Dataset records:
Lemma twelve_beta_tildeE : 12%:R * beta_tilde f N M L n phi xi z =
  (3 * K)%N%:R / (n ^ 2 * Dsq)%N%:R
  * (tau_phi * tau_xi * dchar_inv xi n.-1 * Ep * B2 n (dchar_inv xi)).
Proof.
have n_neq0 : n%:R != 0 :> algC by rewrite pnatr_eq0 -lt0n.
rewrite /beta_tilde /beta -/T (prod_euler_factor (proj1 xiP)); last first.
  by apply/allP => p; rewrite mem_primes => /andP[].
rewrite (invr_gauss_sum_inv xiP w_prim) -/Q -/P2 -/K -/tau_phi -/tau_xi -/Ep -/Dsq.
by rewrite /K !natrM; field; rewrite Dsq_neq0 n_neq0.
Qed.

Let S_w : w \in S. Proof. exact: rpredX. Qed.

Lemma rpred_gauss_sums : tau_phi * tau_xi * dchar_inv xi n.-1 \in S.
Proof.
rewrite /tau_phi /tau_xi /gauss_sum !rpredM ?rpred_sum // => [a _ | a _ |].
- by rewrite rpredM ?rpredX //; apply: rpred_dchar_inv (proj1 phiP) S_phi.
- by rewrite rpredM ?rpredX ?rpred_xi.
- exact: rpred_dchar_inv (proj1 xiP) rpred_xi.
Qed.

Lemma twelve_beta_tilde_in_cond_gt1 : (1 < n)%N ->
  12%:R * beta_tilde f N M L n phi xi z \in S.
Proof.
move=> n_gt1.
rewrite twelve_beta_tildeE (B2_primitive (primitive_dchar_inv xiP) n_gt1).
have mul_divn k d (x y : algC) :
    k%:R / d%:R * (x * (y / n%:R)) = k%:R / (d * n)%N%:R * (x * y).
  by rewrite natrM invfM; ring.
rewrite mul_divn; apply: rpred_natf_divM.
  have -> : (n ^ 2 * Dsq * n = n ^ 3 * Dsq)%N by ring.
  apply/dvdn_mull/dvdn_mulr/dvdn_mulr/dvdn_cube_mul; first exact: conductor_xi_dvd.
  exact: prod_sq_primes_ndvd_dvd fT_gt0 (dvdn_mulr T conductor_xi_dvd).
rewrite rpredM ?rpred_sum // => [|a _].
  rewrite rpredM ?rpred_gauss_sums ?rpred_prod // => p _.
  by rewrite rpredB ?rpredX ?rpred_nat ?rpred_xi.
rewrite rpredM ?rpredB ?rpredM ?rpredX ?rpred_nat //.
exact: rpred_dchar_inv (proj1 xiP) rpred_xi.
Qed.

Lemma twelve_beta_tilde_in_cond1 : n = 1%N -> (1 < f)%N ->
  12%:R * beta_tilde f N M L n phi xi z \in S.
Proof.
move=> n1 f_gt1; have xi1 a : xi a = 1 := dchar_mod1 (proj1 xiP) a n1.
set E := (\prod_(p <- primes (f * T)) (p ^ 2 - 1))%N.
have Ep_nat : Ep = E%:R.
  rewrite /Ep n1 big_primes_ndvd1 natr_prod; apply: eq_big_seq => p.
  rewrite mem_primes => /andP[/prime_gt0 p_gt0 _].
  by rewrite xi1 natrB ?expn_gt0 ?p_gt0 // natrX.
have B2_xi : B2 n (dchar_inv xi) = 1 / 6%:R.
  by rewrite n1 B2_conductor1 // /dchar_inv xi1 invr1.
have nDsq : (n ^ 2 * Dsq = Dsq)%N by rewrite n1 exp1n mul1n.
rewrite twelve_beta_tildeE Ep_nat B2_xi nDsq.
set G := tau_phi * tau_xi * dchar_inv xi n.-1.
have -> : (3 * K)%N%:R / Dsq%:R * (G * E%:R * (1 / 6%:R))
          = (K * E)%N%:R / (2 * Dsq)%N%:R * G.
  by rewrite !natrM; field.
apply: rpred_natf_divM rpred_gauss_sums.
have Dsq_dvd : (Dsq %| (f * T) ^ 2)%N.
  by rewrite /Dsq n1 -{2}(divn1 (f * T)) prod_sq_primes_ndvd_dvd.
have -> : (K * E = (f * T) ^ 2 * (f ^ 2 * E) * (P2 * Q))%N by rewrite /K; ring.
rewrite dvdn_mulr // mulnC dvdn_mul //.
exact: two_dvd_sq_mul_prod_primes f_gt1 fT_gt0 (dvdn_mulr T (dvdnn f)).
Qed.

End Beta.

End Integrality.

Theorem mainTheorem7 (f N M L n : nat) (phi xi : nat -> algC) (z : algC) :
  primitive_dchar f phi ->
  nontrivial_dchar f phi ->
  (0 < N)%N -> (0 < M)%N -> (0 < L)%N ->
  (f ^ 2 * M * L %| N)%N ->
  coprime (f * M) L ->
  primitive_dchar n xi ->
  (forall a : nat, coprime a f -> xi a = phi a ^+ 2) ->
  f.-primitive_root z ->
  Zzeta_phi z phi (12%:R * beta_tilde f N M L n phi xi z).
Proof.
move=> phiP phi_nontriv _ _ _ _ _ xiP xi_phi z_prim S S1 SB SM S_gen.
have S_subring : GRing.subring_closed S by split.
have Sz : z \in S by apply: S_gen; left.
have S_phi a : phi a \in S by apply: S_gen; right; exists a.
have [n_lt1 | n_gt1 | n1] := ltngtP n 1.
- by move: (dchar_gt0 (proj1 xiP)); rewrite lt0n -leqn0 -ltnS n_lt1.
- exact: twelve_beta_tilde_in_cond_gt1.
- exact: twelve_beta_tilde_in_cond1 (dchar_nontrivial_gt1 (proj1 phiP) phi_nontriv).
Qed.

What is needed: Write down all of the records again, word for word.

Finished exercise:
Lemma twelve_beta_tildeE : 12%:R * beta_tilde f N M L n phi xi z =
  (3 * K)%N%:R / (n ^ 2 * Dsq)%N%:R
  * (tau_phi * tau_xi * dchar_inv xi n.-1 * Ep * B2 n (dchar_inv xi)).
Proof.
have n_neq0 : n%:R != 0 :> algC by rewrite pnatr_eq0 -lt0n.
rewrite /beta_tilde /beta -/T (prod_euler_factor (proj1 xiP)); last first.
  by apply/allP => p; rewrite mem_primes => /andP[].
rewrite (invr_gauss_sum_inv xiP w_prim) -/Q -/P2 -/K -/tau_phi -/tau_xi -/Ep -/Dsq.
by rewrite /K !natrM; field; rewrite Dsq_neq0 n_neq0.
Qed.

Let S_w : w \in S. Proof. exact: rpredX. Qed.

Lemma rpred_gauss_sums : tau_phi * tau_xi * dchar_inv xi n.-1 \in S.
Proof.
rewrite /tau_phi /tau_xi /gauss_sum !rpredM ?rpred_sum // => [a _ | a _ |].
- by rewrite rpredM ?rpredX //; apply: rpred_dchar_inv (proj1 phiP) S_phi.
- by rewrite rpredM ?rpredX ?rpred_xi.
- exact: rpred_dchar_inv (proj1 xiP) rpred_xi.
Qed.

Lemma twelve_beta_tilde_in_cond_gt1 : (1 < n)%N ->
  12%:R * beta_tilde f N M L n phi xi z \in S.
Proof.
move=> n_gt1.
rewrite twelve_beta_tildeE (B2_primitive (primitive_dchar_inv xiP) n_gt1).
have mul_divn k d (x y : algC) :
    k%:R / d%:R * (x * (y / n%:R)) = k%:R / (d * n)%N%:R * (x * y).
  by rewrite natrM invfM; ring.
rewrite mul_divn; apply: rpred_natf_divM.
  have -> : (n ^ 2 * Dsq * n = n ^ 3 * Dsq)%N by ring.
  apply/dvdn_mull/dvdn_mulr/dvdn_mulr/dvdn_cube_mul; first exact: conductor_xi_dvd.
  exact: prod_sq_primes_ndvd_dvd fT_gt0 (dvdn_mulr T conductor_xi_dvd).
rewrite rpredM ?rpred_sum // => [|a _].
  rewrite rpredM ?rpred_gauss_sums ?rpred_prod // => p _.
  by rewrite rpredB ?rpredX ?rpred_nat ?rpred_xi.
rewrite rpredM ?rpredB ?rpredM ?rpredX ?rpred_nat //.
exact: rpred_dchar_inv (proj1 xiP) rpred_xi.
Qed.

Lemma twelve_beta_tilde_in_cond1 : n = 1%N -> (1 < f)%N ->
  12%:R * beta_tilde f N M L n phi xi z \in S.
Proof.
move=> n1 f_gt1; have xi1 a : xi a = 1 := dchar_mod1 (proj1 xiP) a n1.
set E := (\prod_(p <- primes (f * T)) (p ^ 2 - 1))%N.
have Ep_nat : Ep = E%:R.
  rewrite /Ep n1 big_primes_ndvd1 natr_prod; apply: eq_big_seq => p.
  rewrite mem_primes => /andP[/prime_gt0 p_gt0 _].
  by rewrite xi1 natrB ?expn_gt0 ?p_gt0 // natrX.
have B2_xi : B2 n (dchar_inv xi) = 1 / 6%:R.
  by rewrite n1 B2_conductor1 // /dchar_inv xi1 invr1.
have nDsq : (n ^ 2 * Dsq = Dsq)%N by rewrite n1 exp1n mul1n.
rewrite twelve_beta_tildeE Ep_nat B2_xi nDsq.
set G := tau_phi * tau_xi * dchar_inv xi n.-1.
have -> : (3 * K)%N%:R / Dsq%:R * (G * E%:R * (1 / 6%:R))
          = (K * E)%N%:R / (2 * Dsq)%N%:R * G.
  by rewrite !natrM; field.
apply: rpred_natf_divM rpred_gauss_sums.
have Dsq_dvd : (Dsq %| (f * T) ^ 2)%N.
  by rewrite /Dsq n1 -{2}(divn1 (f * T)) prod_sq_primes_ndvd_dvd.
have -> : (K * E = (f * T) ^ 2 * (f ^ 2 * E) * (P2 * Q))%N by rewrite /K; ring.
rewrite dvdn_mulr // mulnC dvdn_mul //.
exact: two_dvd_sq_mul_prod_primes f_gt1 fT_gt0 (dvdn_mulr T (dvdnn f)).
Qed.

End Beta.

End Integrality.

Theorem mainTheorem7 (f N M L n : nat) (phi xi : nat -> algC) (z : algC) :
  primitive_dchar f phi ->
  nontrivial_dchar f phi ->
  (0 < N)%N -> (0 < M)%N -> (0 < L)%N ->
  (f ^ 2 * M * L %| N)%N ->
  coprime (f * M) L ->
  primitive_dchar n xi ->
  (forall a : nat, coprime a f -> xi a = phi a ^+ 2) ->
  f.-primitive_root z ->
  Zzeta_phi z phi (12%:R * beta_tilde f N M L n phi xi z).
Proof.
move=> phiP phi_nontriv _ _ _ _ _ xiP xi_phi z_prim S S1 SB SM S_gen.
have S_subring : GRing.subring_closed S by split.
have Sz : z \in S by apply: S_gen; left.
have S_phi a : phi a \in S by apply: S_gen; right; exists a.
have [n_lt1 | n_gt1 | n1] := ltngtP n 1.
- by move: (dchar_gt0 (proj1 xiP)); rewrite lt0n -leqn0 -ltnS n_lt1.
- exact: twelve_beta_tilde_in_cond_gt1.
- exact: twelve_beta_tilde_in_cond1 (dchar_nontrivial_gt1 (proj1 phiP) phi_nontriv).
Qed.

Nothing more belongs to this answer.